In response to the Goodwin Fire's rapid spread, all roads within or leading into the burn area were closed on June 26, and the communities of Mayer and Breezy Pines were evacuated the next day. On June 27, Arizona State Route 69 (SR 69) was closed between Prescott and Interstate 17 and residents of Walker, Potato Patch, Mountain Pine Acres, and Mount Union were issued preemptive evacuation notices. Doug Ducey, the Governor of Arizona, declared a state of emergency in Yavapai County the next day, and he secured additional state and federal resources for containing the Goodwin Fire. Ducey visited Dewey–Humboldt and the perimeter of the fire on June 29 to meet with firefighters and evacuees.

By June 29, the containment of the Goodwin Fire's spread was estimated at 43%. Evacuation orders for residents of Mayer were lifted, as were all preemptive evacuation orders. SR 69 reopened on June 30. Firefighting aircraft were grounded on June 28 by a civilian drone flying over the burn area, a crime in Arizona (causing interference with emergency or law-enforcement efforts) for which the drone's operator was arrested on July 1. The operator was charged on July 7 with hindering firefighting efforts, but the charges were dropped on August 18. By July 4, when firefighting aircraft were again grounded by civilian drones, the Goodwin Fire had grown to 28,508 acre but had been 91% contained. The fire was fully contained on July 10.

==Aftermath==
The Goodwin Fire burned 28,516 acre over 16 days and cost $15 million to suppress (equivalent to $ million in ). Of the total area burned, 56% suffered total foliage mortality. The fire forced the evacuation of 9,000 people, destroyed 17 homes, and damaged another 19 structures. More than 650 firefighters were involved in containing the Goodwin Fire at its height.

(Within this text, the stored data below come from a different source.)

Lemma expansion1 b x y : expansion b x y 1 = br x y.
Proof. by rewrite /expansion big_geq // addr0 A0_1. Qed.

Lemma ser_const_br y z : ser_const (br y z) = cbr (ser_const y) (ser_const z).
Proof.
apply: functional_extensionality => n; rewrite /cbr.
case: n => [|n]; first by rewrite big_nat1.
by rewrite big_nat_recl //= br0r add0r big1_seq //= => r _; rewrite br0l.
Qed.

Lemma expansion_br b x y z n :
  expansion b x (br y z) n =
    \sum_(0 <= r < n.+1) br (expansion b x y r) (expansion b x z (n - r)%N).
Proof.
rewrite !expansionE ser_const_br.
have -> : exp_ad (ser_X x) (cbr (ser_const y) (ser_const z)) =
          cbr (exp_ad (ser_X x) (ser_const y)) (exp_ad (ser_X x) (ser_const z)).
  by apply: functional_extensionality => m; rewrite exp_ad_cbr.
by rewrite exp_ad_cbr //; apply: eq_bigr => r _; rewrite !expansionE.
Qed.

Lemma eq_expansion b b' x y n : (forall m, (2 <= m <= n)%N -> b m = b' m) ->
  expansion b x y n = expansion b' x y n.
Proof.
move=> bb'; rewrite /expansion; congr (_ + _); apply: eq_bigr => k _.
apply: eq_bigr => l /andP [/forallP l2 _]; congr (A0 br k _ _).
by apply: functional_extensionality => i; apply: bb'; rewrite l2 /= -ltnS.
Qed.

Lemma bounded_parts_top n k (l : {ffun 'I_k -> 'I_n.+1}) i :
  (2 <= n)%N -> bounded_parts l n -> l i = n :> nat -> k = 1%N.
Proof.
move=> n2 /andP [/forallP l2 lsum] lin.
have : (n + \sum_(j < k | j != i) 2 <= n)%N.
  apply: leq_trans lsum; rewrite [leqRHS](bigD1 i) //= lin leq_add2l.
  by apply: leq_sum => j _; apply: l2.
rewrite sum_nat_const cardC1 card_ord -[X in (_ <= X)%N]addn0 leq_add2l leqn0 muln_eq0 /=.
by case: k l l2 lsum i lin => [|[|k]] // l l2 lsum [].
Qed.

Definition trunc_at (n : nat) (b : nat -> h) : nat -> h :=
  fun m => if m == n then 0 else b m.

Lemma expansion_top b x y n : (2 <= n)%N ->
  expansion b x y n = expansion (trunc_at n b) x y n + br (b n) y.
Proof.
move=> n2; set b0 := trunc_at n b.
rewrite /expansion -addrA; congr (_ + _).
rewrite !big_nat_recl ?half_gt0 // addrAC; congr (_ + _); last first.
  apply: eq_big_nat => k /andP [k1 _]; apply: eq_bigr => l lP; congr (A0 br k.+1 _ _).
  apply: functional_extensionality => i; rewrite /b0 /trunc_at; case: eqP => // lin.
  by have [k0] := bounded_parts_top n2 lP lin; rewrite k0 in k1.
pose ln : {ffun 'I_1 -> 'I_n.+1} := [ffun _ => ord_max].
have lnP : bounded_parts ln n.
  by rewrite /bounded_parts big_ord1 ffunE leqnn andbT; apply/forallP => i; rewrite ffunE.
rewrite (bigD1 ln lnP) [X in _ = X + _](bigD1 ln lnP) /= !big_ord1 !ffunE /= subnn.
rewrite !A0_1 !A0_0 !ffunE /b0 /trunc_at /= eqxx br0l add0r addrC; congr (_ + _).
apply: eq_bigr => l /andP [_ l_ln]; congr (A0 br 1 _ _).
apply: functional_extensionality => i; rewrite /b0 (ord1 i); case: eqP => // l0n.
by move: l_ln; rewrite (_ : l = ln) ?eqxx //; apply/ffunP => j; rewrite (ord1 j) ffunE; apply: val_inj.
Qed.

As early as July 5, officials began warning of the possibility of severe flooding during the North American monsoon as a consequence of the Goodwin Fire creating terrain incapable of absorbing water. On July 19, rainwater drained from the Goodwin Fire burn scar into Big Bug Creek, near Mayer, which overflowed into a trailer park within Mayer's municipal limits. The flood damaged 109 houses and two residents had to be rescued from their homes. Some evacuations ordered in response to the flooding remained in place until August 19.

Firefighters suspected a human cause, but the subsequent investigation did not determine a specific cause.

===Environmental consequences===
On August 8, the United States Forest Service published a burned area emergency response assessment of the Goodwin Fire's burn scar and recommended immediate stabilization of severely burned areas via aerial reseeding. Senator Jeff Flake (R-AZ) toured the burn scar on August 17. Helicopters began dropping 27,365 lbs of grass seed on August 18.